Because the Court has granted Plaintiff leave to amend, the Court will dismiss as moot and without prejudice Defendant's Motion to Dismiss. Any renewed motion filed after Plaintiff files his amended pleading will place this case in the best procedural posture for resolving the issues raised in Defendant's motion.
Because Plaintiff has paid the filing fee in the instant case and has been granted leave to amend his complaint, his remaining three motions—to replace his civil cover sheet, to proceed IFP, and "to be excused from the court"— will be dismissed as moot.

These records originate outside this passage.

Lemma measurable_occup (t : R) (l : 'I_d) : 0 <= t ->
  measurable_fun (setT : set (past t)) (fun w => occup v X t w l).
Proof.
move=> t_ge0; apply: (@emeasurable_fun_cvg _ (past t) _ setT (fun m w =>
  \int[lebesgue_measure]_(s in `]0%R, t]) (step_approx (v^~ l) X t m w s)%:E)%E).
  by move=> m; exact: measurable_step_approx_integral.
by move=> w _; exact: step_approx_integral_cvg.
Qed.

Lemma nat_filt_Lle (t : R) (y : 'I_d -> R) : 0 <= t ->
  nat_filt X t [set w | Lle v X t w y].
Proof.
move=> t_ge0.
have -> : [set w | Lle v X t w y] =
    \bigcap_(l in [set: 'I_d])
      ((fun w => occup v X t w l) @^-1` [set` `]-oo, (y l)%:E]%O]).
  apply/seteqP; split => [w Lw l _|w Lw l]; first by rewrite /= in_itv /= Lw.
  by have := Lw l I; rewrite /= in_itv.
apply: (@fin_bigcap_measurable _ (past t)) => [|l _]; first exact: finite_finset.
rewrite -[X in measurable X]setTI.
by apply: measurable_occup => //; exact: emeasurable_itv.
Qed.

Lemma nat_filt_state_Lle (t : R) (j : 'I_N) (y : 'I_d -> R) : 0 <= t ->
  nat_filt X t ([set w | X t w = j] `&` [set w | Lle v X t w y]).
Proof.
move=> t_ge0; apply: (@measurableI _ (past t)); first exact: nat_filt_state.
exact: nat_filt_Lle.
Qed.

End natural_filtration.

Lemma integral_itv_oc_bounds (R : realType) (f : R -> R) (a b m M : R) :
  a < b -> measurable_fun `]a, b]%classic f -> (forall s, m <= f s <= M) ->
  exists2 J : R, (\int[lebesgue_measure]_(s in `]a, b]) (f s)%:E)%E = J%:E
               & (b - a) * m <= J <= (b - a) * M.
Proof.
move=> a_lt_b mf f_bounds.
have mab : measurable (`]a, b]%classic : set R) by exact: measurable_itv.
have leb_ab : lebesgue_measure (`]a, b]%classic : set R) = (b - a)%:E.
  by rewrite lebesgue_measure_itv /= lte_fin a_lt_b -EFinB.
have leb_ab_fin : (lebesgue_measure (`]a, b]%classic : set R) < +oo)%E.
  by rewrite leb_ab ltry.
have int_cst (c : R) : lebesgue_measure.-integrable `]a, b]%classic (EFin \o cst c).
  by apply: measurable_bounded_integrable => //; exact: bounded_cst.
have int_f : lebesgue_measure.-integrable `]a, b]%classic (EFin \o f).
  apply: measurable_bounded_integrable => //.
  rewrite /bounded_near; near=> K => s _ /=; have /andP[m_le M_ge] := f_bounds s.
  apply: (@le_trans _ _ (`|m| + `|M|)); last by near: K; exact: nbhs_pinfty_ge.
  have := ler_norm m; have := ler_norm (- m); have := ler_norm M.
  have := ler_norm (- M); have := normr_ge0 m; have := normr_ge0 M.
  rewrite !normrN ler_norml => *; apply/andP; split; lra.
have integral_cst_ab (c : R) :
    (\int[lebesgue_measure]_(s in `]a, b]) (EFin \o cst c) s)%E = ((b - a) * c)%:E.
  rewrite (_ : EFin \o cst c = cst c%:E) // integral_cst // mulrC EFinM.
  by congr (_ * _)%E; exact: leb_ab.
set J := (\int[lebesgue_measure]_(s in `]a, b]) (f s)%:E)%E.
have J_ge : (((b - a) * m)%:E <= J)%E.
  rewrite -integral_cst_ab; apply: le_integral => // s _.
  by rewrite lee_fin; case/andP: (f_bounds s).
have J_le : (J <= ((b - a) * M)%:E)%E.
  rewrite -integral_cst_ab; apply: le_integral => // s _.
  by rewrite lee_fin; case/andP: (f_bounds s).
have J_fin : J \is a fin_num.
  by rewrite fin_numElt (lt_le_trans _ J_ge) ?ltNyr // (le_lt_trans J_le) ?ltry.
by exists (fine J); rewrite ?fineK // -!lee_fin fineK // J_ge J_le.
Unshelve. all: end_near.
Qed.

Section occupation_increments.
Variables (R : realType) (T : Type) (N d : nat) (v : 'I_N.+1 -> 'I_d -> R).
Variable X : R -> T -> 'I_N.+1.
Hypothesis Xreg : regular_jump_paths X.

Lemma mv_le (l : 'I_d) (j : 'I_N.+1) : mv v l <= v j l.
Proof. exact: bigmin_le. Qed.

Lemma le_Mv (l : 'I_d) (j : 'I_N.+1) : v j l <= Mv v l.
Proof. exact: le_bigmax. Qed.

Lemma occup_itv_split (w : T) (l : 'I_d) (t u : R) : 0 <= t <= u ->
  occup v X u w l
  = (occup v X t w l + \int[lebesgue_measure]_(s in `]t, u]) (v (X s w) l)%:E)%E.
Proof.
move=> /andP[t_ge0 t_le_u].
have m0u : measurable_fun `[0%R, u]%classic (EFin \o (fun s => v (X s w) l)).
  apply/emeasurable_fun_itv_obnd_cbndP; apply/measurable_EFinP.
  exact: (@measurable_path _ _ _ (v^~ l) X Xreg).
rewrite /occup (@itv_bndbnd_setU _ _ _ (BRight t)) ?bnd_simp ?(le_trans t_ge0) //.
rewrite integral_setU //; last first.
  apply/disj_setPS => s [] /=; rewrite !in_itv /= => /andP[_ s_le_t] /andP[t_lt_s _].
  by move: (lt_le_trans t_lt_s s_le_t); rewrite ltxx.
by rewrite -itv_bndbnd_setU ?bnd_simp ?(le_trans t_ge0).
Qed.

Lemma occup_increment (w : T) (l : 'I_d) (t eps : R) : 0 <= t -> 0 < eps ->
  exists2 J : R, occup v X (t + eps) w l = (occup v X t w l + J%:E)%E
               & eps * mv v l <= J <= eps * Mv v l.
Proof.
move=> t_ge0 eps_gt0.
have t_lt_teps : t < t + eps by rewrite ltrDl.
have m_teps : measurable_fun `]t, t + eps]%classic (fun s => v (X s w) l).
  apply: (measurable_funS _ _ (@measurable_path _ _ _ (v^~ l) X Xreg (t + eps) w)).
    exact: measurable_itv.
  by move=> s; rewrite /= !in_itv /= => /andP[t_lt_s ->]; rewrite (le_lt_trans t_ge0).
rewrite (occup_itv_split w l (t := t)); last by rewrite t_ge0 ltW.
have [J -> J_bounds] := integral_itv_oc_bounds t_lt_teps m_teps
  (fun s => introT andP (conj (mv_le l (X s w)) (le_Mv l (X s w)))).
by exists J => //; move: J_bounds; rewrite addrAC subrr add0r.
Qed.

Lemma Lle_shift_Mv (w : T) (t eps : R) (x : 'I_d -> R) : 0 <= t -> 0 < eps ->
  Lle v X t w (fun l => x l - eps * Mv v l) -> Lle v X (t + eps) w x.
Proof.
move=> t_ge0 eps_gt0 Lw l.
have [J -> /andP[_ J_le]] := occup_increment w l t_ge0 eps_gt0.
by rewrite -(subrK (eps * Mv v l) (x l)) EFinD leeD ?lee_fin.
Qed.

Lemma Lle_shift_mv (w : T) (t eps : R) (x : 'I_d -> R) : 0 <= t -> 0 < eps ->
  Lle v X (t + eps) w x -> Lle v X t w (fun l => x l - eps * mv v l).
Proof.
move=> t_ge0 eps_gt0 Lw l; have := Lw l.
have [J -> /andP[J_ge _]] := occup_increment w l t_ge0 eps_gt0.
rewrite -leeBrDr // -EFinB => /le_trans; apply.
by rewrite lee_fin lerD2l lerN2.
Qed.

End occupation_increments.

Section markov_factorization.
Variables (R : realType) (d0 : measure_display) (T : measurableType d0).
Variables (P : probability T R) (N : nat) (X : R -> T -> 'I_N).
Hypothesis Xmeas : forall t : R, 0 <= t -> forall j : 'I_N, measurable [set w | X t w = j].

Lemma nat_filt_measurable (s : R) : nat_filt X s `<=` measurable.
Proof.
apply: smallest_sub; first exact: sigma_algebra_measurable.
by move=> _ [r [j [/andP[r_ge0 _] ->]]]; exact: Xmeas.
Qed.

Hypothesis Xmarkov : forall (s u : R), 0 <= s -> s <= u ->
  forall (i j : 'I_N) (A : set T), nat_filt X s A ->
  (P (A `&` [set w | X s w = i /\ X u w = j]) * P [set w | X s w = i]
   = P (A `&` [set w | X s w = i]) * P [set w | X s w = i /\ X u w = j])%E.

Lemma markov_past_state (t u : R) (i k : 'I_N) (A : set T) :
  0 <= t <= u -> nat_filt X t A -> A `<=` [set w | X t w = i] ->
  (P (A `&` [set w | X t w = i /\ X u w = k]) * P [set w | X t w = i]
   = P A * P [set w | X t w = i /\ X u w = k])%E.
Proof.
move=> /andP[t_ge0 t_le_u] At A_sub; rewrite Xmarkov //.
by congr (P _ * _)%E; apply/seteqP; split => [w []|w Aw] //; split => //; exact: A_sub.
Qed.

End markov_factorization.

Theorem lemma3 (R : realType) (d0 : measure_display) (T : measurableType d0)
  (P : probability T R) (n d : nat) (X : R -> T -> 'I_n.+1)
  (q : R -> 'I_n.+1 -> 'I_n.+1 -> R) (v : 'I_n.+1 -> 'I_d -> R) :
  A1 P X q -> A2 q ->
  forall (i k : 'I_n.+1) (eps t : R) (x : 'I_d -> R), 0 < eps -> 0 <= t ->
  (P [set w | X t w = i /\ X (t + eps)%R w = k]
     * Fv P v X i t (fun l => (x l - eps * Mv v l)%R)
   <= P [set w | X t w = i /\ X (t + eps)%R w = k /\ Lle v X (t + eps)%R w x]
        * P [set w | X t w = i])%E /\
  (P [set w | X t w = i /\ X (t + eps)%R w = k /\ Lle v X (t + eps)%R w x]
        * P [set w | X t w = i]
   <= P [set w | X t w = i /\ X (t + eps)%R w = k]
        * Fv P v X i t (fun l => (x l - eps * mv v l)%R))%E.
Proof.
move=> [Xmeas Xreg Xmarkov _] _ i k eps t x eps_gt0 t_ge0.
have t_le_teps : t <= t + eps by rewrite lerDl ltW.
have teps_ge0 : 0 <= t + eps := le_trans t_ge0 t_le_teps.
set B := [set w | X t w = i /\ X (t + eps) w = k].
pose A y := [set w | X t w = i] `&` [set w | Lle v X t w y].
have A_past y : nat_filt X t (A y) := nat_filt_state_Lle v Xreg i y t_ge0.
have factor y : (P B * Fv P v X i t y = P (A y `&` B) * P [set w | X t w = i])%E.
  by rewrite muleC markov_past_state ?t_ge0 //; move=> w [].
have mAB y : measurable (A y `&` B).
  apply: measurableI; first exact: (nat_filt_measurable Xmeas).
  by apply: measurableI; exact: Xmeas.
have mC : measurable [set w | X t w = i /\ X (t + eps) w = k /\ Lle v X (t + eps) w x].
  apply: measurableI; first exact: Xmeas.
  apply: measurableI; first exact: Xmeas.
  exact: (nat_filt_measurable Xmeas (nat_filt_Lle v Xreg x teps_ge0)).
have Pi_ge0 : (0 <= P [set w | X t w = i])%E by exact: measure_ge0.
split; rewrite factor; apply: lee_wpmul2r => //; apply: le_measure; rewrite ?inE //.
- by move=> w [[Xi Lw] [_ Xk]]; do 2 split => //; exact: Lle_shift_Mv.
- by move=> w [Xi [Xk Lw]]; do 2 split => //; exact: Lle_shift_mv.
Qed.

IV. Conclusion and Recommendation
Having reviewed Plaintiff and Defendant's motions, the undersigned RECOMMENDS that Civil Action SA-5:21-CV-1371-DAE be CONSOLIDATED into this case, Civil Action No. SA-5:20-CV-965-FB, and a refund be issued to Plaintiff for $402.00 for the filing fee in SA-5:20-CV-1371-DAE.
IT IS HEREBY ORDERED that Plaintiff's Motion for Extension of Time [#23] is GRANTED, and Plaintiff is ordered to file an amended complaint by March 12, 2021.

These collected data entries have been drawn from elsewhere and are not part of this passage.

Lemma mulA x y z : mul x (mul y z) = mul (mul x y) z.
Proof. by case: Halg. Qed.

Definition mulseq v t := [seq mul x y | x <- v, y <- t].

Lemma span_mulseq v t x y : span v x -> span t y -> span (mulseq v t) (mul x y).
Proof.
move=> vx ty; move: x vx; apply: (span_ind (P := fun x => span _ (mulr_by y x))).
- by rewrite linear0; apply: span0.
- by move=> x x' sx sx'; rewrite linearD; apply: spanD.
- by move=> a x sx; rewrite linearZ; apply: spanZ.
move=> x xv; move: y ty; apply: (span_ind (P := fun y => span _ (mul x y))).
- by rewrite linear0; apply: span0.
- by move=> y y' sy sy'; rewrite linearD; apply: spanD.
- by move=> a y sy; rewrite linearZ; apply: spanZ.
by move=> y yt; apply/span_mem/allpairs_f.
Qed.

Lemma subspan_mulseq v v' t t' :
  subspan v v' -> subspan t t' -> subspan (mulseq v t) (mulseq v' t').
Proof.
move=> vv' tt'; apply: subspan_mem => _ /allpairsP [[x y] [/= xv yt ->]].
by apply: span_mulseq; [apply/vv'/span_mem|apply/tt'/span_mem].
Qed.

Lemma span_mulseqA v t u x :
  span (mulseq v (mulseq t u)) x <-> span (mulseq (mulseq v t) u) x.
Proof.
split; move: x; apply: subspan_mem => _ /allpairsP [[x yz] [/= xv yzt ->]].
  move: yzt => /allpairsP [[y z] [/= yt zu ->]].
  by rewrite mulA; apply/span_mem/allpairs_f => //; apply: allpairs_f.
move: xv => /allpairsP [[x' y] [/= xv yt ->]].
by rewrite -mulA; apply/span_mem/allpairs_f => //; apply: allpairs_f.
Qed.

IT IS FURTHER ORDERED that Defendant's Motion to Dismiss [#12] is DIMISSED without prejudice to refiling after Plaintiff's amended complaint is filed.

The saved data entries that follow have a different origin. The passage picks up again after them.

(* Let $M_0=(S,\mathscr{C})$ be a matroid of finite rank which is non-Hamiltonian (in particular, $M_0$ may be the cycle matroid of a graph without Hamiltonian circuits). Then there exists a matroid $M$ and a nontrivial circuit injection $f:M_0\rightarrow M$.
   Context: A matroid is a pair $(S,\mathscr{C})$ with $S\neq\emptyset$ and $\mathscr{C}\subseteq 2^S$ (the circuits) satisfying: (I) $A,B\in\mathscr{C}$, $A\subseteq B$ implies $A=B$; (II) $A,B\in\mathscr{C}$, $a\in A\cap B$, $b\in (A\cup B)\setminus(A\cap B)$ implies there is $D\in\mathscr{C}$ with $D\subseteq A\cup B$, $a\notin D$, $b\in D$. The rank $r(M)$ is the usual matroid rank. $M$ is Hamiltonian if it has a circuit $A$ with $|A|=r(M)+1$. For matroids $M=(S,\mathscr{C})$, $M'=(S',\mathscr{C}')$, a circuit injection $f:M\rightarrow M'$ is a bijection $f:S\to S'$ with $f(A)\in\mathscr{C}'$ for every $A\in\mathscr{C}$; it is nontrivial if some $B\in\mathscr{C}'$ satisfies $B\neq f(A)$ for all $A\in\mathscr{C}$. *)

(* Matroids given by circuit axioms on a (possibly infinite)
   ground set; the ground set S is the whole carrier type T. *)
From Stdlib Require Import List Arith.

Definition subset {T : Type} (A B : T -> Prop) : Prop := forall x, A x -> B x.

Definition has_card {T : Type} (A : T -> Prop) (n : nat) : Prop :=
  exists l : list T, NoDup l /\ length l = n /\ (forall x, A x <-> In x l).

Record matroid (T : Type) : Type := Matroid {
  circuit : (T -> Prop) -> Prop;
  ground_nonempty : inhabited T;
  circuit_antichain : forall A B, circuit A -> circuit B -> subset A B ->
      forall x, A x <-> B x;
  circuit_elim : forall A B a b, circuit A -> circuit B ->
      A a -> B a ->
      ((A b \/ B b) /\ ~ (A b /\ B b)) ->
      exists D, circuit D /\ subset D (fun x => A x \/ B x) /\ ~ D a /\ D b
}.
Arguments circuit {T} m _.

Definition independent {T : Type} (M : matroid T) (I : T -> Prop) : Prop :=
  forall A, circuit M A -> ~ subset A I.

Definition is_rank {T : Type} (M : matroid T) (r : nat) : Prop :=
  (exists I, independent M I /\ has_card I r) /\
  (forall I n, independent M I -> has_card I n -> n <= r).

Definition finite_rank {T : Type} (M : matroid T) : Prop := exists r, is_rank M r.

Definition hamiltonian {T : Type} (M : matroid T) : Prop :=
  exists r, is_rank M r /\ exists A, circuit M A /\ has_card A (S r).

Definition image {T T' : Type} (f : T -> T') (A : T -> Prop) : T' -> Prop :=
  fun y => exists x, A x /\ f x = y.

Definition bijective {T T' : Type} (f : T -> T') : Prop :=
  (forall x y, f x = f y -> x = y) /\ (forall y, exists x, f x = y).

Definition circuit_injection {T T' : Type} (M : matroid T) (M' : matroid T')
    (f : T -> T') : Prop :=
  bijective f /\ forall A, circuit M A -> circuit M' (image f A).

Definition nontrivial_ci {T T' : Type} (M : matroid T) (M' : matroid T')
    (f : T -> T') : Prop :=
  circuit_injection M M' f /\
  exists B, circuit M' B /\
    forall A, circuit M A -> ~ (forall y, B y <-> image f A y).

From Stdlib Require Import List Arith Lia Classical ClassicalEpsilon
  FunctionalExtensionality PropExtensionality.

(* The target is the truncation of M0: its circuits are the circuits of M0
   together with the bases of M0, and the identity is the circuit injection;
   a basis is never a circuit of M0, which makes it nontrivial.  A basis inside
   a circuit would force a circuit of size r + 1, so non-Hamiltonicity is
   exactly what makes the new family an antichain.  Elimination between a
   circuit C and a basis B through a reduces to basis exchange: some c in C \ B
   has its fundamental circuit in B + c through a, and then B - a + c is a
   basis inside C + B. *)

Definition add_elt {T : Type} (B : T -> Prop) (x : T) : T -> Prop :=
  fun y => B y \/ y = x.

Definition swap_elt {T : Type} (B : T -> Prop) (a c : T) : T -> Prop :=
  fun y => (B y /\ y <> a) \/ y = c.

Definition basis {T : Type} (M : matroid T) (r : nat) (B : T -> Prop) : Prop :=
  independent M B /\ has_card B r.

Definition trunc_circuit {T : Type} (M : matroid T) (r : nat) (X : T -> Prop) : Prop :=
  circuit M X \/ basis M r X.

Section Cardinality.

Variable T : Type.

Lemma has_card_ext (A B : T -> Prop) n :
  has_card A n -> (forall x, A x <-> B x) -> has_card B n.
Proof.
  intros [l [Hnd [Hl Hin]]] HAB. exists l; repeat split; auto.
  - intros Bx. apply Hin, HAB, Bx.
  - intros Hx. apply HAB, Hin, Hx.
Qed.

Lemma has_card_add (B : T -> Prop) n x :
  has_card B n -> ~ B x -> has_card (add_elt B x) (S n).
Proof.
  intros [l [Hnd [Hl Hin]]] Bx. exists (x :: l). split; [|split].
  - constructor; auto. intros H. apply Bx, Hin, H.
  - simpl; auto.
  - intros y. unfold add_elt. simpl. rewrite Hin. split; intros [H | H]; auto.
Qed.

Lemma has_card_swap (B : T -> Prop) n a c :
  has_card B n -> B a -> ~ B c -> has_card (swap_elt B a c) n.
Proof.
  intros [l [Hnd [Hl Hin]]] Ba Bc.
  assert (Hal : In a l) by (apply Hin; auto).
  destruct (in_split _ _ Hal) as [l1 [l2 ->]].
  assert (Hnda : ~ In a (l1 ++ l2)) by exact (NoDup_remove_2 _ _ _ Hnd).
  assert (Hcl : ~ In c (l1 ++ l2)).
  { intros H. apply Bc, Hin, in_or_app. apply in_app_or in H. simpl; tauto. }
  exists (c :: l1 ++ l2). split; [|split].
  - constructor; [exact Hcl | exact (NoDup_remove_1 _ _ _ Hnd)].
  - rewrite length_app in Hl. simpl in *. rewrite length_app. lia.
  - intros y. unfold swap_elt. rewrite Hin. simpl.
    rewrite !in_app_iff. simpl. split.
    + intros [[[H | [H | H]] Hya] | ->]; auto. congruence.
    + intros [-> | H]; auto. left. split; [tauto|]. intros ->. apply Hnda, in_app_iff, H.
Qed.

End Cardinality.

Section Matroid.

Variable T : Type.
Variable M : matroid T.

Lemma independent_subset I J : independent M I -> subset J I -> independent M J.
Proof. intros HI HJI A HA HAJ. apply (HI A HA). intros x Ax. apply HJI, HAJ, Ax. Qed.

Lemma dependent_has_circuit X : ~ independent M X -> exists C, circuit M C /\ subset C X.
Proof.
  intros HX. apply not_all_ex_not in HX as [C HC].
  apply imply_to_and in HC as [HC HCX]. exists C. split; [exact HC | exact (NNPP _ HCX)].
Qed.

Lemma circuit_not_subset_independent C B :
  circuit M C -> independent M B -> exists c, C c /\ ~ B c.
Proof.
  intros HC HB. apply NNPP. intros Hno. apply (HB C HC). intros y Cy.
  apply NNPP. intros By. apply Hno. exists y; auto.
Qed.

Lemma circuit_remove_independent C a :
  circuit M C -> C a -> independent M (fun y => C y /\ y <> a).
Proof.
  intros HC Ca A HA HAC.
  assert (HAa : A a).
  { apply (circuit_antichain _ M A C HA HC); [intros y Ay; apply HAC, Ay | exact Ca]. }
  exact (proj2 (HAC a HAa) eq_refl).
Qed.

Lemma independent_add_circuit B x :
  independent M B -> ~ independent M (add_elt B x) ->
  exists K, circuit M K /\ subset K (add_elt B x) /\ K x.
Proof.
  intros HB HBx. destruct (dependent_has_circuit _ HBx) as [K [HK HKs]].
  exists K. repeat split; auto.
  apply NNPP. intros Kx. apply (HB K HK). intros y Ky.
  destruct (HKs y Ky) as [By | ->]; [exact By | contradiction].
Qed.

(* Any circuit inside B - a + c must pass through c; eliminating c against K
   leaves a circuit through a inside B. *)
Lemma fundamental_circuit_exchange B K a c :
  independent M B -> circuit M K -> subset K (add_elt B c) -> K a -> K c -> a <> c ->
  independent M (swap_elt B a c).
Proof.
  intros HB HK HKs Ka Kc Hac C' HC' HC's.
  destruct (classic (C' c)) as [C'c | C'c].
  - assert (C'a : ~ C' a).
    { intros C'a. destruct (HC's a C'a) as [[_ H] | H]; auto. }
    destruct (circuit_elim _ M C' K c a HC' HK C'c Kc) as [D [HD [HDs [Dc Da]]]];
      [tauto|].
    apply (HB D HD). intros y Dy.
    assert (Hyc : y <> c) by (intros ->; contradiction).
    destruct (HDs y Dy) as [C'y | Ky].
    + destruct (HC's y C'y) as [[By _] | ->]; [exact By | contradiction].
    + destruct (HKs y Ky) as [By | ->]; [exact By | contradiction].
  - apply (HB C' HC'). intros y C'y.
    destruct (HC's y C'y) as [[By _] | ->]; [exact By | contradiction].
Qed.

Section Rank.

Variable r : nat.
Hypothesis Hr : is_rank M r.

Lemma independent_card_le I n : independent M I -> has_card I n -> n <= r.
Proof. apply (proj2 Hr). Qed.

Lemma independent_finite I : independent M I -> exists l, forall x, I x -> In x l.
Proof.
  intros HI.
  assert (Hgrow : forall n l, NoDup l -> (forall x, In x l -> I x) -> r - length l <= n ->
            exists l', forall x, I x -> In x l').
  { induction n as [|n IHn]; intros l Hnd HlI Hlen;
      (destruct (classic (forall x, I x -> In x l)) as [Hcov | Hcov]; [eauto|]);
      apply not_all_ex_not in Hcov as [x Hx]; apply imply_to_and in Hx as [Ix Hxl].
    - exfalso.
      assert (Hle : length (x :: l) <= r).
      { apply (independent_card_le (fun y => In y (x :: l))).
        - apply (independent_subset I); [exact HI|]. intros y [-> | Hy]; auto.
        - exists (x :: l). repeat split; auto. constructor; auto. }
      simpl in Hle. lia.
    - apply (IHn (x :: l)).
      + constructor; auto.
      + intros y [-> | Hy]; auto.
      + simpl. lia. }
  apply (Hgrow r nil); [constructor | intros x [] | lia].
Qed.

Lemma basis_fundamental_circuit B c :
  basis M r B -> ~ B c -> exists K, circuit M K /\ subset K (add_elt B c) /\ K c.
Proof.
  intros [HB HBc] Bc. apply independent_add_circuit; [exact HB|].
  intros Hi. pose proof (independent_card_le _ _ Hi (has_card_add _ _ _ _ HBc Bc)). lia.
Qed.

(* Induction on the elements of C outside B: if the fundamental circuit of
   c in C \ B misses a, eliminating c between C and it yields a circuit through
   a with fewer elements outside B. *)
Lemma fundamental_circuit_through B a :
  basis M r B -> B a -> forall n C l,
  circuit M C -> C a -> (forall x, C x -> ~ B x -> In x l) -> length l <= n ->
  exists c K, C c /\ ~ B c /\ circuit M K /\ subset K (add_elt B c) /\ K a /\ K c.
Proof.
  intros HB Ba n. induction n as [|n IHn]; intros C l HC Ca HCl Hlen;
    destruct (circuit_not_subset_independent C B HC (proj1 HB)) as [c [Cc Bc]];
    pose proof (HCl c Cc Bc) as Hcl.
  - destruct l; simpl in *; [contradiction | lia].
  - destruct (basis_fundamental_circuit B c HB Bc) as [K [HK [HKs Kc]]].
    destruct (classic (K a)) as [Ka | Ka]; [exists c, K; tauto|].
    destruct (circuit_elim _ M C K c a HC HK Cc Kc) as [D [HD [HDs [Dc Da]]]];
      [tauto|].
    assert (HDC : forall x, D x -> ~ B x -> C x /\ x <> c).
    { intros x Dx Bx. split; [|intros ->; contradiction].
      destruct (HDs x Dx) as [Cx | Kx]; [exact Cx|].
      destruct (HKs x Kx) as [? | ->]; [contradiction | contradiction]. }
    pose (eq_dec := fun x y : T => excluded_middle_informative (x = y)).
    destruct (IHn D (remove eq_dec c l) HD Da)
      as [c' [K' [Dc' [Bc' HK']]]].
    + intros x Dx Bx. destruct (HDC x Dx Bx) as [Cx Hxc].
      apply in_in_remove; auto.
    + pose proof (remove_length_lt eq_dec l c Hcl). lia.
    + exists c', K'. split; [exact (proj1 (HDC c' Dc' Bc')) | auto].
Qed.

Lemma circuit_basis_exchange B C a :
  basis M r B -> circuit M C -> C a -> B a ->
  exists c, C c /\ ~ B c /\ basis M r (swap_elt B a c).
Proof.
  intros HB HC Ca Ba.
  destruct (independent_finite _ (circuit_remove_independent C a HC Ca)) as [l Hl].
  destruct (fundamental_circuit_through B a HB Ba (length l) C l HC Ca)
    as [c [K [Cc [Bc [HK [HKs [Ka Kc]]]]]]]; auto.
  { intros x Cx Bx. apply Hl. split; [exact Cx|]. intros ->. contradiction. }
  exists c. repeat split; auto.
  - apply (fundamental_circuit_exchange B K a c); auto; [apply HB|].
    intros ->. contradiction.
  - apply has_card_swap; auto. apply HB.
Qed.

Lemma basis_exchange_trunc B a b :
  basis M r B -> B a -> ~ B b ->
  exists D, trunc_circuit M r D /\ subset D (swap_elt B a b) /\ D b.
Proof.
  intros [HB HBc] Ba Bb.
  destruct (classic (independent M (swap_elt B a b))) as [Hi | Hi].
  - exists (swap_elt B a b). repeat split.
    + right. split; [exact Hi | exact (has_card_swap _ _ _ _ _ HBc Ba Bb)].
    + intros y Hy; exact Hy.
    + right. reflexivity.
  - destruct (dependent_has_circuit _ Hi) as [C [HC HCs]].
    exists C. repeat split; [left; exact HC | exact HCs|].
    apply NNPP. intros Cb. apply (HB C HC). intros y Cy.
    destruct (HCs y Cy) as [[By _] | ->]; [exact By | contradiction].
Qed.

IT IS FINALLY ORDERED that Plaintiff's Notice and Motion to Correct and Replace Civil Cover Sheet [#11], Plaintiff's (second) Motion to Proceed IFP [#16], and Plaintiff's Motion to be Excused from the Court [#17] are DIMISSED AS MOOT.
V. Instructions for Service and Notice of Right to Object/Appeal
The United States District Clerk shall serve a copy of this report and recommendation on all parties by either (1) electronic transmittal to all parties represented by attorneys registered as a "filing user" with the clerk of court, or (2) by mailing a copy to those not registered by certified mail, return receipt requested. Written objections to this report and recommendation must be filed within fourteen (14) days after being served with a copy of same, unless this time period is modified by the district court. 28 U.S.C. § 636(b)(1); Fed. R. Civ. P. 72(b). The party shall file the objections with the Clerk of Court and serve the objections on all other parties. A party filing objections must specifically identify those findings, conclusions or recommendations to which objections are being made and the basis for such objections; the district court need not consider frivolous, conclusive or general objections. A party's failure to file written objections to the proposed findings, conclusions and recommendations contained in this report shall bar the party from a de novo determination by the district court. Thomas v. Arn, 474 U.S. 140, 149-52 (1985); Acuña v. Brown & Root, Inc., 200 F.3d 335, 340 (5th Cir. 2000). Additionally, failure to file timely written objections to the proposed findings, conclusions and recommendations contained in this report and recommendation shall bar the aggrieved party, except upon grounds of plain error, from attacking on appeal the un-objected-to proposed factual findings and legal conclusions accepted by the district court. Douglass v. United Servs. Auto. Ass'n, 79 F.3d 1415, 1428-29 (5th Cir. 1996) (en banc).
SIGNED this 17th day of February, 2021.